#MeToo Era Settlements...$3.5 Million at a Time
August 14, 2018
by Benjamin A. Nucci and Audrey E. Chastain
Recently, a California company settled a U.S. Equal Employment Opportunity Commission (“EEOC”) sexual harassment lawsuit by consent decree for $3.5 million. Additionally, and as part of the settlement, the company will hire a third-party monitor, create an internal equal employment opportunity consultant position and an internal compliance officer position, institute sexual harassment training (including civility and bystander intervention training) for its employees, revise its anti-discrimination and anti-retaliation policies, and maintain records of any sexual harassment and retaliation complaints, audits, and reporting.
What happened?
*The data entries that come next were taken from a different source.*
Lemma unit_of_jacobsonN x : J (x + 1) -> is_unit x.
Proof. by move=> h; rewrite -[x]opprK; apply/unitN/unit_of_jacobson; jacobson_combine h. Qed.

End JacobsonUnits.

Section Similarity.
Variable T : nzRingType.
Implicit Types A B C e E : T.

Lemma similar_trans A B C : similar_elt A B -> similar_elt B C -> similar_elt A C.
Proof.
move=> [P [Q [h1 [h2 ->]]]] [P' [Q' [h1' [h2' ->]]]]; exists (P * P'), (Q' * Q).
split; first by rewrite -mulrA (mulrA P') h1' mul1r.
split; first by rewrite -mulrA (mulrA Q) h2 mul1r.
by rewrite !mulrA.
Qed.

Lemma similar_sym A B : similar_elt A B -> similar_elt B A.
Proof.
move=> [P [Q [hPQ [hQP ->]]]]; exists Q, P; split => //; split => //.
by rewrite !mulrA hPQ mul1r -mulrA hPQ mulr1.
Qed.

Lemma similar_of_intertwine A B P Q : P * Q = 1 -> Q * P = 1 ->
  A * P = P * B -> similar_elt A B.
Proof.
move=> hPQ hQP hAB; exists P, Q; split => //; split => //.
by rewrite -mulrA hAB mulrA hQP mul1r.
Qed.

Lemma strongly_J_clean_similar A B :
  similar_elt A B -> strongly_J_clean B -> strongly_J_clean A.
Proof.
move=> [P [Q [hPQ [hQP ->]]]] [e [he [hc hJ]]].
have conj X Y : (P * X * Q) * (P * Y * Q) = P * (X * Y) * Q.
  by rewrite !mulrA -(mulrA (P * X) Q P) hQP mulr1.
have eA : A = P * (Q * A * P) * Q by rewrite !mulrA hPQ mul1r -mulrA hPQ mulr1.
exists (P * e * Q); split; first by rewrite conj he.
split; first by rewrite {1 2}eA !conj hc.
rewrite {1}eA (_ : _ - _ = P * (Q * A * P - e) * Q); last by noncomm_ring.
exact: jacobsonMr (jacobsonMl _ hJ).
Qed.

(* Idempotents congruent modulo the radical are conjugate, via the unit
   P = E e + (1 - E)(1 - e), which satisfies P e = E P and P = 1 mod J. *)
Lemma conjugate_idempotents e E : e * e = e -> E * E = E -> jacobson (e - E) ->
  exists P Q, [/\ P * Q = 1, Q * P = 1 & E = P * e * Q].
Proof.
move=> he hE heE.
have hE' z : z * E * E = z * E by rewrite -mulrA hE.
have he' z : z * e * e = z * e by rewrite -mulrA he.
pose P := E * e + (1 - E) * (1 - e).
have JP : jacobson (1 - P).
  have -> : 1 - P = - (E * (e - E) + (E - 1) * (e - E)).
    by rewrite /P; expand; rewrite ?hE' ?he' ?hE ?he; abel.
  exact: jacobsonN (jacobsonD (jacobsonMl _ heE) (jacobsonMl _ heE)).
have hPe : P * e = E * P by rewrite /P; expand; rewrite ?hE' ?he' ?hE ?he; abel.
have [Q []] := jacobson_unit JP; rewrite subKr => hPQ hQP.
exists P, Q; split => //.
by rewrite hPe -mulrA hPQ mulr1.
Qed.

Lemma clean_similar_commuting A e E :
  e * e = e -> A * e = e * A -> jacobson (A - e) -> E * E = E -> jacobson (e - E) ->
  exists B, [/\ similar_elt A B, E * B = B * E & jacobson (B - E)].
Proof.
move=> he hc hAe hE heE; have [P [Q [hPQ hQP ->]]] := conjugate_idempotents he hE heE.
exists (P * A * Q); split.
- by exists Q, P.
- by rewrite -!mulrA !(mulrA Q P) hQP !mul1r (mulrA e) -hc -mulrA.
- rewrite (_ : _ - _ = P * (A - e) * Q); last by noncomm_ring.
  exact: jacobsonMr (jacobsonMl _ hAe).
Qed.

End Similarity.

Section LocalRing.
Variable R : nzRingType.
Hypothesis Hloc : local_ring R.

Lemma local_idempotent_mod_jacobson (x : R) :
  jacobson (x * x - x) -> exists i : bool, jacobson (x - i%:R).
Proof.
move=> Jx2; have [Jx|nJx] := pselect (jacobson x); first by exists false; rewrite subr0.
have [y [_ Jyx]] := Hloc.2 x nJx.
by exists true; rewrite /= mulr1n; jacobson_combine (jacobsonMl y Jx2, jacobsonMr x Jyx, Jyx).
Qed.

End LocalRing.

Section TwoByTwo.
Variables (R : nzRingType) (s : cent R).
Hypothesis HsJ : jacobson (cval s).
Local Notation J := (@jacobson R).
Local Notation M := (M2s s).
Local Notation S2 := (csq s).
Implicit Types a b c d p q r t : R.

Definition diag2 a d : M := mx2 s a 0 0 d.

Lemma mul_mx2 a b c d a' b' c' d' :
  mx2 s a b c d * mx2 s a' b' c' d' =
  mx2 s (a * a' + S2 * (b * c')) (a * b' + b * d')
        (c * a' + d * c') (S2 * (c * b') + d * d').
Proof. by []. Qed.

Lemma sub_mx2 a b c d a' b' c' d' :
  mx2 s a b c d - mx2 s a' b' c' d' = mx2 s (a - a') (b - b') (c - c') (d - d').
Proof. by []. Qed.

Lemma one_mx2 : 1 = diag2 1 1. Proof. by []. Qed.

Lemma e11_mx2 a b c d : e11 (mx2 s a b c d) = a. Proof. by []. Qed.
Lemma e22_mx2 a b c d : e22 (mx2 s a b c d) = d. Proof. by []. Qed.

Lemma mx2_eta (A : M) : A = mx2 s (e11 A) (e12 A) (e21 A) (e22 A).
Proof. by case: A => [[[a b] c] d]. Qed.

Lemma mul_diag2 a d a' d' : diag2 a d * diag2 a' d' = diag2 (a * a') (d * d').
Proof. by rewrite mul_mx2 !(mul0r, mulr0, addr0, add0r). Qed.

Lemma sub_diag2 a d a' d' : diag2 a d - diag2 a' d' = diag2 (a - a') (d - d').
Proof. by rewrite sub_mx2 subrr. Qed.

Lemma jacobson_csq : J S2. Proof. exact: jacobsonMl. Qed.

Lemma csq_expr2 : S2 = cval s ^+ 2. Proof. by rewrite expr2. Qed.

Lemma unit_diag2 p t : is_unit p -> is_unit t -> is_unit (diag2 p t).
Proof.
move=> [p' [hp1 hp2]] [t' [ht1 ht2]].
by exists (diag2 p' t'); rewrite !mul_diag2 hp1 hp2 ht1 ht2.
Qed.

(* [[1, b], [c, 1]] and [[1, -b], [-c, 1]] multiply, in either order, to
   diag(1 - s^2 b c, 1 - s^2 c b), a unit because s^2 lies in the radical. *)
Lemma unit_mx2_unipotent b c : is_unit (mx2 s 1 b c 1).
Proof.
have JS := jacobson_csq.
have [D [hD1 hD2]] := unit_diag2 (jacobson_unit (jacobsonMr (b * c) JS))
                                 (jacobson_unit (jacobsonMr (c * b) JS)).
set N := mx2 s 1 (- b) (- c) 1.
have hr : mx2 s 1 b c 1 * N = diag2 (1 - S2 * (b * c)) (1 - S2 * (c * b)).
  by rewrite mul_mx2 /diag2; congr mx2; noncomm_ring.
have hl : N * mx2 s 1 b c 1 = diag2 (1 - S2 * (b * c)) (1 - S2 * (c * b)).
  by rewrite mul_mx2 /diag2; congr mx2; noncomm_ring.
apply: (@unit_of_inverses _ _ (D * N) (N * D)); first by rewrite -mulrA hl.
by rewrite mulrA hr.
Qed.

Lemma unit_mx2 p q r t : is_unit p -> is_unit t -> is_unit (mx2 s p q r t).
Proof.
move=> up ut; have [p' [hp1 _]] := up; have [t' [ht1 _]] := ut.
have -> : mx2 s p q r t = diag2 p t * mx2 s 1 (p' * q) (t' * r) 1.
  by rewrite mul_mx2 !mulrA hp1 ht1; congr mx2; noncomm_ring.
exact: unitM (unit_diag2 up ut) (unit_mx2_unipotent _ _).
Qed.

Lemma jacobson_mx2P (A : M) : jacobson A <-> J (e11 A) /\ J (e22 A).
Proof.
have JS := jacobson_csq.
rewrite (mx2_eta A) e11_mx2 e22_mx2.
move: (e11 A) (e12 A) (e21 A) (e22 A) => a b c d; split.
- move=> /jacobsonP JA; split; apply/jacobsonP => r.
  + have [L] := JA (diag2 r 0).
    rewrite [diag2 r 0 * _]mul_mx2 one_mx2 sub_mx2 (mx2_eta L) mul_mx2 /mx2.
    by case=> h _ _ _; exists (e11 L); rewrite -[RHS]h; noncomm_ring.
  + have [L] := JA (diag2 0 r).
    rewrite [diag2 0 r * _]mul_mx2 one_mx2 sub_mx2 (mx2_eta L) mul_mx2 /mx2.
    by case=> _ _ _ h; exists (e22 L); rewrite -[RHS]h; noncomm_ring.
- move=> [Ja Jd]; apply/jacobsonP => B.
  suff [Y [_ hY]] : is_unit (1 - B * mx2 s a b c d) by exists Y.
  rewrite (mx2_eta B) one_mx2 mul_mx2 sub_mx2.
  apply: unit_mx2; apply: jacobson_unit.
  - exact: jacobsonD (jacobsonMl _ Ja) (jacobsonMr _ JS).
  - exact: jacobsonD (jacobsonMr _ JS) (jacobsonMl _ Jd).
Qed.

Lemma jacobson_diag2P a d : jacobson (diag2 a d) <-> J a /\ J d.
Proof. exact: jacobson_mx2P. Qed.

Lemma idempotent_mod_jacobson_mx2 (e : M) :
  e * e = e -> J (e11 e * e11 e - e11 e) /\ J (e22 e * e22 e - e22 e).
Proof.
have JS := jacobson_csq.
rewrite (mx2_eta e) e11_mx2 e22_mx2.
move: (e11 e) (e12 e) (e21 e) (e22 e) => a b c d.
rewrite mul_mx2 /mx2 => -[h11 _ _ h22].
split.
- by rewrite -[X in _ - X]h11; jacobson_combine (jacobsonMr (b * c) JS).
- by rewrite -[X in _ - X]h22; jacobson_combine (jacobsonMr (c * b) JS).
Qed.

Lemma idempotent_diag2_bool (i j : bool) :
  diag2 i%:R j%:R * diag2 i%:R j%:R = diag2 i%:R j%:R.
Proof. by rewrite mul_diag2 -!natrM !mulnb !andbb. Qed.

Lemma strongly_J_clean_diag2 (i j : bool) a d :
  J (a - i%:R) -> J (d - j%:R) -> strongly_J_clean (diag2 a d).
Proof.
move=> Ja Jd; exists (diag2 i%:R j%:R); split; first exact: idempotent_diag2_bool.
split; first by rewrite !mul_diag2 !mulr_natr !mulr_natl.
by rewrite sub_diag2; apply/jacobson_diag2P.
Qed.

Lemma diag2_of_commute (i : bool) (B : M) :
  diag2 i%:R (~~ i)%:R * B = B * diag2 i%:R (~~ i)%:R -> B = diag2 (e11 B) (e22 B).
Proof.
rewrite (mx2_eta B) e11_mx2 e22_mx2.
move: (e11 B) (e12 B) (e21 B) (e22 B) => a b c d.
case: i; rewrite /= mulr1n !mul_mx2 !(mul0r, mulr0, mul1r, mulr1, addr0, add0r) /mx2.
- by case=> -> <-.
- by case=> <- ->.
Qed.

End TwoByTwo.

Section LocalTwoByTwo.
Variables (R : nzRingType) (s : cent R).
Hypotheses (Hloc : local_ring R) (HsJ : jacobson (cval s)).
Local Notation J := (@jacobson R).
Local Notation M := (M2s s).

Lemma similar_diag2_of_clean (A e : M) (i : bool) :
  e * e = e -> A * e = e * A -> jacobson (A - e) ->
  jacobson (e - diag2 s i%:R (~~ i)%:R) ->
  exists a d, [/\ similar_elt A (diag2 s a d), J (a - i%:R) & J (d - (~~ i)%:R)].
Proof.
move=> he hc hAe heE.
have [B [hAB hBE JBE]] :=
  clean_similar_commuting he hc hAe (idempotent_diag2_bool _ _ _) heE.
rewrite (diag2_of_commute hBE) in hAB JBE; rewrite sub_diag2 in JBE.
by have [Ja Jd] := (jacobson_diag2P HsJ _ _).1 JBE; exists (e11 B), (e22 B).
Qed.
Lemma parallel_pentagon_height (p : nat -> pt) (t : nat -> R) (L : nat) (h : R) :
  parallel_pentagon p t -> (L < 5)%nat -> is_height (hull5 p) L h ->
  h = alpha * t L + beta * t (S L mod 5).
Proof.
  intros Hp HL Hh.
  destruct (parallel_pentagon_profile p t L Hp) as (E1 & E2 & E3 & E4 & E0).
  assert (Ht : forall j, 0 < t ((j + L) mod 5)%nat)
    by (intro j; apply (proj1 Hp), Nat.mod_upper_bound; lia).
  assert (HP0 : profile p L 0 = dot (p L) (v L))
    by (unfold profile; rewrite Nat.mod_small by lia; reflexivity).
  assert (Ht0 : t ((0 + L) mod 5)%nat = t L) by (rewrite Nat.mod_small by lia; reflexivity).
  pose proof alpha_pos. pose proof beta_pos.
  pose proof (Ht 0%nat). pose proof (Ht 1%nat). pose proof (Ht 3%nat). pose proof (Ht 4%nat).
  assert (Hbounds : forall k, (k < 5)%nat ->
            profile p L 2 <= dot (p k) (v L) <= dot (p L) (v L)).
  { intros k Hk. destruct (mod5_shift_surj L k HL Hk) as [j [Hj <-]].
    fold (profile p L j). rewrite <- HP0.
    destruct j as [|[|[|[|[|j]]]]]; try lia; nra. }
  rewrite (is_height_hull5 p L L ((2 + L) mod 5) h HL
             (Nat.mod_upper_bound (2 + L) 5 ltac:(lia)) Hbounds Hh).
  fold (profile p L 2). change (S L mod 5)%nat with ((1 + L) mod 5)%nat. nra.
Qed.

Definition closure_defect (x : nat -> R) (L : nat) : R :=
  alpha * (x ((4 + L) mod 5)%nat - x L)
  + beta * (x ((3 + L) mod 5)%nat - x ((1 + L) mod 5)%nat).

Lemma parallel_pentagon_closure (p : nat -> pt) (t : nat -> R) (L : nat) :
  parallel_pentagon p t -> (L < 5)%nat -> closure_defect t L = 0.
Proof.
  intros Hp HL. destruct (parallel_pentagon_profile p t L Hp) as (E1 & E2 & E3 & E4 & E0).
  assert (Ht0 : t ((0 + L) mod 5)%nat = t L) by (rewrite Nat.mod_small by lia; reflexivity).
  rewrite Ht0 in E1. unfold closure_defect. lra.
Qed.

Lemma parallel_pentagon_equilateral (p : nat -> pt) (t : nat -> R) (r : R) :
  parallel_pentagon p t -> (forall k, (k < 5)%nat -> t k = r) ->
  forall k, (k < 5)%nat ->
  p k = (fst (p 0%nat) + r * (fst (v k) - fst (v 0%nat)),
         snd (p 0%nat) + r * (snd (v k) - snd (v 0%nat))).
Proof.
  intros [_ Hedge] Hr. induction k as [|k IH]; intros Hk.
  - rewrite (surjective_pairing (p 0%nat)) at 1. f_equal; ring.
  - destruct (Hedge k ltac:(lia)) as [Ex Ey].
    rewrite Nat.mod_small, Hr in Ex, Ey by lia.
    rewrite IH in Ex, Ey by lia. cbn [fst snd] in Ex, Ey.
    rewrite (surjective_pairing (p (S k))). f_equal; lra.
Qed.

Lemma closure_defect_heights (t m : nat -> R) (L : nat) :
  (forall k, (k < 5)%nat -> m k = alpha * t k + beta * t (S k mod 5)) -> (L < 5)%nat ->
  closure_defect m L = alpha * closure_defect t L + beta * closure_defect t (S L mod 5).
Proof.
  intros Hm HL. unfold closure_defect.
  destruct L as [|[|[|[|[|L]]]]]; try lia; simpl; rewrite !Hm by lia; simpl; ring.
Qed.

Lemma closure_adjacent_max_const (x : nat -> R) (i : nat) :
  (forall L, (L < 5)%nat -> closure_defect x L = 0) -> (i < 5)%nat ->
  (forall l, (l < 5)%nat -> l <> i -> l <> (S i mod 5)%nat ->
     x l <= x i /\ x l <= x (S i mod 5)) ->
  forall k, (k < 5)%nat -> x k = x 0%nat.
Proof.
  (* With x i and x (i+1) maximal, the relation at L = i is a sum of two nonpositive
     terms and the one at L = i+2 a sum of two nonnegative terms. *)
  intros Hc Hi Hmax k Hk.
  pose proof (Hc 0%nat ltac:(lia)). pose proof (Hc 1%nat ltac:(lia)).
  pose proof (Hc 2%nat ltac:(lia)). pose proof (Hc 3%nat ltac:(lia)).
  pose proof (Hc 4%nat ltac:(lia)).
  unfold closure_defect in *. simpl in *.
  pose proof alpha_pos. pose proof beta_pos.
  destruct i as [|[|[|[|[|i]]]]]; try lia; simpl in Hmax.
  all: try pose proof (Hmax 0%nat ltac:(lia) ltac:(lia) ltac:(lia));
       try pose proof (Hmax 1%nat ltac:(lia) ltac:(lia) ltac:(lia));
       try pose proof (Hmax 2%nat ltac:(lia) ltac:(lia) ltac:(lia));
       try pose proof (Hmax 3%nat ltac:(lia) ltac:(lia) ltac:(lia));
       try pose proof (Hmax 4%nat ltac:(lia) ltac:(lia) ltac:(lia)).
  all: destruct k as [|[|[|[|[|k]]]]]; try lia; nra.
Qed.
According to the EEOC’s complaint, both male and female employees were subjected to sexual harassment and retaliation in violation of Title VII of the Civil Rights Act of 1964. This included unwelcome comments of a sexual nature, employees exposing themselves, and employees being subject to unwanted physical touching of a sexual nature. The complaint alleged that when the harassed employees complained to their supervisors and human resources, the company failed to take the complaints seriously or engage in any remedial measures. The EEOC claimed that some of the employees left their jobs because of the anxiety, depression, and stress created. The company disputed all allegations in the complaint.
Although no answer was filed by the company, the “equal opportunity” defense might have been raised. Title VII provides that it is an unlawful employment practice to discriminate “because of” an individual’s sex. See 42 U.S.C. § 2000e-2(a)(1). Courts have historically viewed sexual harassment as a form of sexual discrimination. See Meritor Sav. Bank, FSB v. Vinson, 477 U.S. 57, 64, (1986). Focusing on the “because of” requirement under Title VII, the “equal opportunity” defense posits that a perpetrator harassing both men and women escapes liability because the victim of the harasser cannot prove that the perpetrator discriminated because of that individual’s sex. The theory being that “[w]hen the conduct is equally harsh towards men and women, there is no hostile work environment based on sex.” Reine v. Honeywell Int'l Inc., 362 F. App'x 395, 397 (5th Cir. 2010) (emphasis added).
The settlement therefore avoided consideration of the “equal opportunity” defense. Nonetheless, the case is a reminder of the importance of having effective employee training, complaint procedures, and behavioral policies in place to streamline operations and ensure a harassment-free workplace. That way, employers can find ways to avoid claims that cost $3.5 million.